Howard Marks is the infamous ‘Mr Nice’ of the best-selling autobiography and spin-off movie. Formerly a notorious international cannabis smuggler, Marks was eventually convicted in the USA in 1990, serving 7 years in prison. Following his release, and return to the UK, he published his book and instantly became an icon of popular culture, touring the UK and charismatically regaling his captivated audiences with hugely entertaining anecdotes of his dope smuggling past (I myself went to see him speak in Liverpool during the late 90’s).
Kermit and Howard first met up a decade ago. When I agreed to get involved with the production of Blind Arcade’s music last year, Kermit told me he had a track he wanted Howard to feature on, and brought him to my house to record the part, my then 14 year old son engineering. Whilst there, Kermit showed Howard the words to ‘Lies And Other Fools’ and he recorded it, off-the-cuff, there and then, his deep Welsh tones bringing a gravitas that was perfect for the subject matter.
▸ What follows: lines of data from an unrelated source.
Lemma std_graded_top : exists T, forall i, (T <= i)%N -> G i = 0%VS.
Proof.
case: AG => _ [Gdirect [T GT] _ _ _]; exists T => i le_Ti.
have /directv_sumP/(_ ord_max isT) : directv (\sum_(j < i.+1) G j) by [].
suff -> : (\sum_(j < i.+1 | true && (j != ord_max)) G j)%VS = fullv by rewrite capvf.
apply/eqP; rewrite eqEsubv subvf -GT; apply/subv_sumP => j _.
have lt_ji : (j < i.+1)%N by rewrite ltnS (leq_trans (ltnW (ltn_ord j))).
apply: (sumv_sup (Ordinal lt_ji)) => //=.
by rewrite -val_eqE /= neq_ltn (leq_trans (ltn_ord j)).
Qed.

Lemma mult_maxrank_vanish (f : A) i e : G i = 0%VS \/ G (i + e) = 0%VS ->
  mult_maxrank G f i e.
Proof.
case=> [Gi0 | Gie0]; [left | right].
  by move=> x; rewrite Gi0 memv0 => /eqP ->.
by move=> y; rewrite Gie0 memv0 => /eqP ->; exists 0; rewrite ?mem0v ?mulr0.
Qed.

Let mulA_comm : commutative (@GRing.mul A).
Proof. exact: AG.1. Qed.
Let G_mul : forall i j, (G i * G j <= G (i + j)%N)%VS.
Proof. by case: AG => _ []. Qed.
Let G0_1 : 1 \in G 0.
Proof. by case: AG => _ [_ _ -> _ _]; apply: memv_line. Qed.

Lemma WLP_of_Gr_WLP (l : A) : [pchar k] =i pred0 -> Gr_WLP G l -> WLP G.
Proof.
move=> pchar0 [r [lr0 _] [L L1 LW]]; have [T GT] := std_graded_top.
have [s ellW] : exists s,
    forall i, (i < T)%N -> mult_maxrank G (gr_eval r s^-1 L) i 1.
  apply/(generic_witness pchar0)/generic_all => i _.
  by apply: generic_mult_maxrank (LW i).
exists (gr_eval r s^-1 L); first exact: gr_eval_mem L1.
move=> i; case: (ltnP i T) => [/ellW // | le_Ti].
by apply: mult_maxrank_vanish; left; apply: GT.
Qed.

Lemma SLP_of_Gr_SLP (l : A) : [pchar k] =i pred0 -> Gr_SLP G l -> SLP G.
Proof.
move=> pchar0 [r [lr0 _] [L L1 LS]]; have [T GT] := std_graded_top.
have r_gt0 : (0 < r)%N.
  by rewrite lt0n; apply: contra_eq_neq lr0 => ->; rewrite expr0 oner_neq0.
pose ell s := gr_eval r s^-1 L.
have [s ellS] : exists s, forall d, (d < T)%N ->
    forall i, (i < T)%N -> mult_maxrank G (ell s ^+ d.+1) i d.+1.
  apply/(generic_witness pchar0)/generic_all => d _; apply: generic_all => i _.
  have Ld : gr_rep G l r d.+1 (gr_exp L d.+1).
    by have := gr_rep_exp mulA_comm G_mul G0_1 d.+1 L1; rewrite mul1n.
  apply: generic_mono (generic_mult_maxrank mulA_comm lr0 G_mul Ld (LS d.+1 i isT)).
  by move=> s; rewrite /ell (gr_eval_exp mulA_comm lr0 G_mul G0_1 _ _ r_gt0 L1).
exists (ell s); first exact: gr_eval_mem L1.
move=> [//|d] i _; case: (ltnP i T) => [lt_iT | le_Ti]; last first.
  by apply: mult_maxrank_vanish; left; apply: GT.
case: (ltnP d T) => [lt_dT | le_Td]; first exact: ellS.
apply: mult_maxrank_vanish; right; apply: GT.
by rewrite (leq_trans le_Td) // -addSnnS leq_addl.
Qed.

End GradedArtinian.

Theorem theorem2p12 (k : fieldType) (A : falgType k) (G : nat -> {vspace A}) :
  [pchar k] =i pred0 ->
  std_graded_artinian G ->
  (WLP G <-> exists2 l, l \in G 1%N & Gr_WLP G l) /\
  (SLP G <-> exists2 l, l \in G 1%N & Gr_SLP G l).
Proof.
move=> pchar0 AG; split; split.
- by move/Gr_WLP0; exists 0; rewrite ?mem0v.
- by case=> l _; apply: WLP_of_Gr_WLP.
- by move/Gr_SLP0; exists 0; rewrite ?mem0v.
- by case=> l _; apply: SLP_of_Gr_SLP.
Qed.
A week later I was enjoying a family meal when my son asked about Howard, and when he looked him up on Wikipedia his face was a picture as he exclaimed; ‘CIA, the IRA, MI6, the Mafia!’ – he couldn’t believe what he was reading. Having discovered ‘Breaking Bad’ around that time it was as though he’d encountered his own real life Heisenberg.
The opportunity to launch this new venture at Dry, a place which connects directly back to the period of time when Manchester was at the very forefront of cultural innovation and expression, perfectly provides that past / present balance that I’m always looking for when embarking on new projects – drawing from what went before, whilst looking forward to what lies ahead.
I’ll blog specifically about Super Weird Substance when it’s properly up and running, but suffice to say that there are a handful of releases scheduled for the summer months, with a series of live events throughout the UK being planned for the Autumn. It’s an exciting time for all involved.
So, on embarking on this new venture, on making this fools leap, it’s personally important for me to connect back to where my love affair with music began – with the record as we called it, or as people increasingly refer to it these days, vinyl.
Needle to plastic, base metal to gold – the philosophers stone.